*ACTIVITY:* The reply to the records below should contain exactly the lines from the line with "rewrite f1 f2" through the line with "rewrite (@big_cat_nat _", and nothing besides.

*Stored data entries:*
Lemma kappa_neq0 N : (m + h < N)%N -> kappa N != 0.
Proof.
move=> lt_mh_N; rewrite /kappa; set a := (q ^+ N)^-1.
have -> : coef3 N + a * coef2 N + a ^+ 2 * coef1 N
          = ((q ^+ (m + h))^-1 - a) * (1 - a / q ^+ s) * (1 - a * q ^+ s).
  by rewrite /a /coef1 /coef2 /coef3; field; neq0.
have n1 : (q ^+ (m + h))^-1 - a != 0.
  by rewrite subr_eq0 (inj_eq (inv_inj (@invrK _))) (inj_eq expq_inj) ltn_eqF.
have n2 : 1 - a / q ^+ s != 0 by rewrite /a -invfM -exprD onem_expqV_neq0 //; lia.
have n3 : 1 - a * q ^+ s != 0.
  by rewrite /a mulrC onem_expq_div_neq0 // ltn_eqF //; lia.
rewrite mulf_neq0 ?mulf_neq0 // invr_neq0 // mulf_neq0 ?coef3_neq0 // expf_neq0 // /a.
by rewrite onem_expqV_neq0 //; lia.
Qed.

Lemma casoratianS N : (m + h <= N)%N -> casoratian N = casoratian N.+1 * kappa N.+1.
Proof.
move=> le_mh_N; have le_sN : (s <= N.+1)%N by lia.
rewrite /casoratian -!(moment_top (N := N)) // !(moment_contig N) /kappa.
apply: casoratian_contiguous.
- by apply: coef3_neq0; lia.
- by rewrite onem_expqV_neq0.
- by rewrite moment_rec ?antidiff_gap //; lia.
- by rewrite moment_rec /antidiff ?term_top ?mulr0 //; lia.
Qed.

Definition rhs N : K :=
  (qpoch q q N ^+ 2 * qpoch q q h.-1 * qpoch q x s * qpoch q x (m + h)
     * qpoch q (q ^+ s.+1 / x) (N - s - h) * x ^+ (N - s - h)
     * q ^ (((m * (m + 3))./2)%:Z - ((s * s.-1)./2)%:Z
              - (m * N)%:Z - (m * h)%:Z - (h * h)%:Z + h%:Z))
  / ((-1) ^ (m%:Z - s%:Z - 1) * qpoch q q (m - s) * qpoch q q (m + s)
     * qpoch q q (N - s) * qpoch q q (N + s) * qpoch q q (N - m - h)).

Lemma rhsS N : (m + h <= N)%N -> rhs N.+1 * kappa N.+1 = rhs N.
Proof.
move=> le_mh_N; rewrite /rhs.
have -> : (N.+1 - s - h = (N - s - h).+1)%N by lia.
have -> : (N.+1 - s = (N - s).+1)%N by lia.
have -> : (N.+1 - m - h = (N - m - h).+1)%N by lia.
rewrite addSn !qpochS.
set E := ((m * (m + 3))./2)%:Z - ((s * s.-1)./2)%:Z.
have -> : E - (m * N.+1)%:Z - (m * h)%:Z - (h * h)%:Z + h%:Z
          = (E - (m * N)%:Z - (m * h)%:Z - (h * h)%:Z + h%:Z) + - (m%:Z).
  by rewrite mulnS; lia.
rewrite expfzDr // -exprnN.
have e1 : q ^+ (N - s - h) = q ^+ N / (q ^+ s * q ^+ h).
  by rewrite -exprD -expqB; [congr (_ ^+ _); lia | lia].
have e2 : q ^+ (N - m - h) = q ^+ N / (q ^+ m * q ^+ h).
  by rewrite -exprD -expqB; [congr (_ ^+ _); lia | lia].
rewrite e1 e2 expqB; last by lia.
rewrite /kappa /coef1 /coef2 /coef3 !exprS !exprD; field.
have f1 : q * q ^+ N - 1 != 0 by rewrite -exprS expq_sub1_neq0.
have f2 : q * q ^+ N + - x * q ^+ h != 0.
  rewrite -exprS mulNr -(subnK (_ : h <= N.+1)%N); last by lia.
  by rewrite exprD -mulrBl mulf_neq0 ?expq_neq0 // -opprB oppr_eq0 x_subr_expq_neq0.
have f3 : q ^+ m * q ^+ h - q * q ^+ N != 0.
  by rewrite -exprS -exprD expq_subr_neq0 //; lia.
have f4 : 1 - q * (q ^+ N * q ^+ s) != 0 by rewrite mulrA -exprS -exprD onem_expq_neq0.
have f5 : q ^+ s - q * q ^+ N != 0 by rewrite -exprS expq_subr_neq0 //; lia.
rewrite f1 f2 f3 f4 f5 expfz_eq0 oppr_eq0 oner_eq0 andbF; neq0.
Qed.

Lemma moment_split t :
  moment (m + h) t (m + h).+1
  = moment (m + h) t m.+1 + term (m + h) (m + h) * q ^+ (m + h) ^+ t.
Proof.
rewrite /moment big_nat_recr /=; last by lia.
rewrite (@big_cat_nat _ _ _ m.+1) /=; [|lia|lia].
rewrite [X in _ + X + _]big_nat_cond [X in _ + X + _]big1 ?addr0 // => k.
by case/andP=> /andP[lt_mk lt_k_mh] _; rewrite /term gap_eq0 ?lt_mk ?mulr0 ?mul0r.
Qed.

*ANSWER AREA:*
rewrite f1 f2 f3 f4 f5 expfz_eq0 oppr_eq0 oner_eq0 andbF; neq0.
Qed.

Lemma moment_split t :
  moment (m + h) t (m + h).+1
  = moment (m + h) t m.+1 + term (m + h) (m + h) * q ^+ (m + h) ^+ t.
Proof.
rewrite /moment big_nat_recr /=; last by lia.
rewrite (@big_cat_nat _ _ _ m.+1) /=; [|lia|lia].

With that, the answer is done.